Records contained in a dataset
·····
Theorem proposition3p3 (n : nat) (Y : TopSpace)
  (Phi Psi : nat -> Y -> Prop)
  (Phi_ne : forall v, (v <= n)%nat -> exists y, Phi v y)
  (Psi_ne : forall v, (v <= n)%nat -> exists y, Psi v y)
  (nested : forall u v, (u < v)%nat -> (v <= n)%nat -> forall y, Psi v y -> Phi u y)
  (H : nat -> Y -> R -> Y) (p : nat -> Y)
  (Hp : forall v, (v <= n)%nat -> Psi v (p v))
  (Hcontr : forall v, (v <= n)%nat -> contraction_into Y (Phi v) (Psi v) (H v) (p v)) :
  exists h : (nat -> R) -> Y,
    good_map n Y H p h /\
    (forall h' : (nat -> R) -> Y, good_map n Y H p h' ->
       forall x, in_simplex n x -> h' x = h x).
Proof.
  pose proof (extension_good_map n Y Phi Psi nested H p Hp Hcontr) as hgood.
  exists (extension n Y H p). split; [exact hgood|].
  intros h' hh'. exact (good_map_unique n Y H p h' _ hh' hgood).
Qed.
·····
> [Work to be completed]:
Among the lines above, count those containing the word "exact" and give nothing but the result.

> [Response to the task]:
2